Improving Claude Code by 10pp with Codeset
TL;DR
Codeset improved Claude Haiku 4.5's task resolution rate from 52% to 62%, Sonnet 4.5's from 56% to 65.3%, and Opus 4.5's from 60.7% to 68% on codeset-gym-python (150 tasks). Results hold on SWE-Bench Pro, where Sonnet 4.5 improved from 53% to 55.7% on 300 randomly sampled tasks.
Today we're launching Codeset.
When you use a coding agent like Claude Code, every session starts with limited knowledge of your project's history. It doesn't know which files tend to break together, implicit decisions hidden in the code, which tests to run after touching a specific module. That knowledge exists in your project's history and your code's structure, but needs to be surfaced for the agent to use it.
Codeset does that. You point it at a GitHub repository, and it generates a knowledge base that your favourite coding agent learns from:
What your agent sees
Here's the key part. When your agent opens a file in a project configured by Codeset, this is what it sees before it writes a single line of code:
$ python .claude/docs/get_context.py src/auth.py
# src/auth.py
### Historical Insights
- [Bug Fix] Null ptr on session init
Problem: Sessions failed silently on certain timezones.
Root cause: timezone-naive date comparison
Solution: always use datetime.timezone.utc
### Edit Checklist
Tests to run: `pytest tests/auth_test.py -q`
Data/constants: `SESSION_TIMEOUT: default session expiry value`
### Pitfalls
- Never call authenticate() before db.init()

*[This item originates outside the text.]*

(* Let $F$ be a Ferrers diagram of semiperimeter $n+1$, $T\in\mathsf{EWtab}(F)$ and $S=S(T)$ its supplementary tableau, with $\mathsf{CanonTop}(T)=(U^{(0)}_T,V^{(1)}_T,U^{(1)}_T,V^{(2)}_T,\ldots)$. (a) If $j\in U^{(\ell)}_T$ and $k\in\mathsf{cols}(F)$ with $j<k$, then $k\in V^{(\ell)}_T$ if and only if $S_{jk}=0$ and this $0$ is not a cornersupport entry. (b) If $j\in V^{(\ell)}_T$ and $k\in\mathsf{rows}(F)$ with $k<j$, then $k\in U^{(\ell-1)}_T$ if and only if $S_{kj}=1$ and this $1$ is not a cornersupport entry.
   Context: Ferrers diagrams and graphs: a Ferrers diagram $F$ (English convention) of semiperimeter $n+1$ has rows and columns labeled by $0,\ldots,n$: the $n+1$ unit steps of its south-east boundary path, traversed from top-right to bottom-left, are labeled $0,\ldots,n$; a vertical step labels the row it bounds, a horizontal step the column it bounds (top row labeled $0$). $\mathsf{rows}(F)$, $\mathsf{cols}(F)$ are the label sets; $F$ has a cell in row $i$, column $j$ iff $i<j$. $G(F)$ has vertex set $\{0,\ldots,n\}$ with edges $\{i,j\}$ for $i\in\mathsf{rows}(F)$, $j\in\mathsf{cols}(F)$, $i<j$. Sandpile model on $G(F)$ with sink $0$: configurations $c\in\mathbb{N}^n$; non-sink $v$ unstable if $c_v\ge\deg(v)$; toppling sends one grain to each neighbour (grains to $0$ disappear); toppling the sink adds one grain to each neighbour of $0$. Recurrent: stable configurations obtainable from $c_v=\deg(v)-1$ by adding grains and stabilizing; $\mathsf{Rec}^{\mathsf{min}}$: recurrent configurations of minimal total grain count. Canonical toppling of a recurrent $c$: topple the sink ($U^{(0)}_c=\{0\}$), then alternately topple simultaneously all unstable vertices in $\mathsf{cols}(F)$ ($V^{(1)}_c$), all unstable in $\mathsf{rows}(F)$ ($U^{(1)}_c$), etc.; $\mathsf{CanonTop}(c)=(U^{(0)}_c,V^{(1)}_c,U^{(1)}_c,\ldots)$ is an ordered partition of $\{0,\ldots,n\}$. EW-tableaux: a $0/1$-filling $T$ of $F$ ($T_{ij}$ = entry in row $i$, column $j$) such that the top row is all 1s, every other row contains a 0, and no rectangle has 0s in two diagonally opposite corners and 1s in the other two; $\mathsf{EWtab}(F)$ is their set. $\phi_{TC}(T)$ is the configuration with $c_i$ = number of 1s in row $i$ ($i\in\mathsf{rows}(F)$) and $c_i$ = number of 0s in column $i$ ($i\in\mathsf{cols}(F)$); it is a minimal recurrent configuration. Set $\mathsf{CanonTop}(T):=\mathsf{CanonTop}(\phi_{TC}(T))$, with blocks $U^{(i)}_T,V^{(i)}_T$. Supplementary tableau: $S=S(T)$ is the rectangular $|\mathsf{rows}(F)|\times|\mathsf{cols}(F)|$ array with $S_{ij}=1$ if $i\in\mathsf{rows}(F)$ appears in an earlier block of $\mathsf{CanonTop}(T)$ than $j\in\mathsf{cols}(F)$, and $S_{ij}=0$ otherwise; it agrees with $T$ on the cells of $F$. Cornersupport: an entry $x\in\{0,1\}$ at position $(j,k)$ ($j$ a row, $k$ a column) is a cornersupport entry iff there exist a row $j'\ne j$ and a column $k'\ne k$ with $S_{j'k'}\ne x$ and $S_{j'k}=S_{jk'}=x$; one then says $S_{j'k'}$ induces $(j,k)$ to be a cornersupport. *)

From mathcomp Require Import all_boot.
Set Implicit Arguments. Unset Strict Implicit. Unset Printing Implicit Defensive.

Consequence: RuntimeError: connection pool not created
Prevention: Always initialize db before calling into auth.
### Key Constructs
- **verify_token** (function): Validates a session token and returns the associated user
- api/routes.py:42 login_handler()
- middleware/auth.py:18 verify_token()
- tests/setup.py:7 mock_auth_context()
### Related Files
- `middleware/session.py` [co-change] | Check: If session token format changes, auth validation logic must be updated in sync.Four things here that a generic agent doesn't have:
- History: past bugs in this file, with root causes and how they were fixed. The agent won't reproduce the same mistake in a different form.
- Edit Checklist: the exact tests to run and constants to check before touching this file. No guessing, no running the full suite.
- Pitfalls: what breaks and why, not just what to avoid. The agent knows the consequence before making a change.
- Co-change relationships: files that historically break together with this one — knowledge that exists nowhere in the code itself.
None of this is written by hand. Codeset extracts it from your git history and codebase structure during analysis.
How it works
- Paste your GitHub URL and connect your account.
- We analyze your repository. The pipeline mines your commit history, runs static analysis across your codebase, maps test coverage, and traces function callers. This takes under an hour.
- Download and commit the files. Your agent uses them on every subsequent session. $5 per repo, one-time.
Evaluation
We evaluated how good Codeset is at actually helping agents like Claude Code solve more tasks.
The benchmarks
codeset-gym-python is our public dataset of software engineering tasks, similar to but harder than SWE-Bench. We randomly sampled a set of 150 of these tasks. Each task comes from an actual GitHub issue and has a test suite that verifies the solution. A task is "resolved" only when all required tests pass.
SWE-Bench Pro is a widely-used benchmark of real GitHub issues from open-source JS, TS, Go, and Python repositories.
What we tested
We ran six configurations: Claude Code with three models (Haiku 4.5, Sonnet 4.5, Opus 4.5), each with and without Codeset context. The Codeset context was generated once per sample, targeting the base commit before any work is performed.
What the numbers mean
codeset-gym-python (150 tasks)
| Model | Baseline | With Codeset | Improvement |
|---|---|---|---|
| Claude Haiku 4.5 | 52% (78/150) | 62% (93/150) | +10pp |
| Claude Sonnet 4.5 | 56% (84/150) | 65.3% (98/150) | +9.3pp |
| Claude Opus 4.5 | 60.7% (91/150) | 68% (102/150) | +7.3pp |
The improvement is consistent across all three model tiers — Codeset is not compensating for a weak model. It adds on top of whatever capability the model already brings.
Structured context lets you drop a model tier without losing performance. This holds at every level of the stack:
- Haiku with Codeset (62%) outperformed raw Sonnet (56%) — at less than one-third the inference cost ($0.61 vs $1.66 per task).
- Sonnet with Codeset (65.3%) outperformed raw Opus (60.7%) — the mid-tier model with context beats the most capable model without it.
For teams running Claude Code at scale, the implication is significant: you can run a cheaper model configured with Codeset and exceed the resolution rate of a more expensive model running blind.
SWE-Bench Pro
To confirm the results generalize beyond our own dataset, we ran a second evaluation on SWE-Bench Pro. We randomly selected a subset of 300 tasks to reduce the cost of evaluation.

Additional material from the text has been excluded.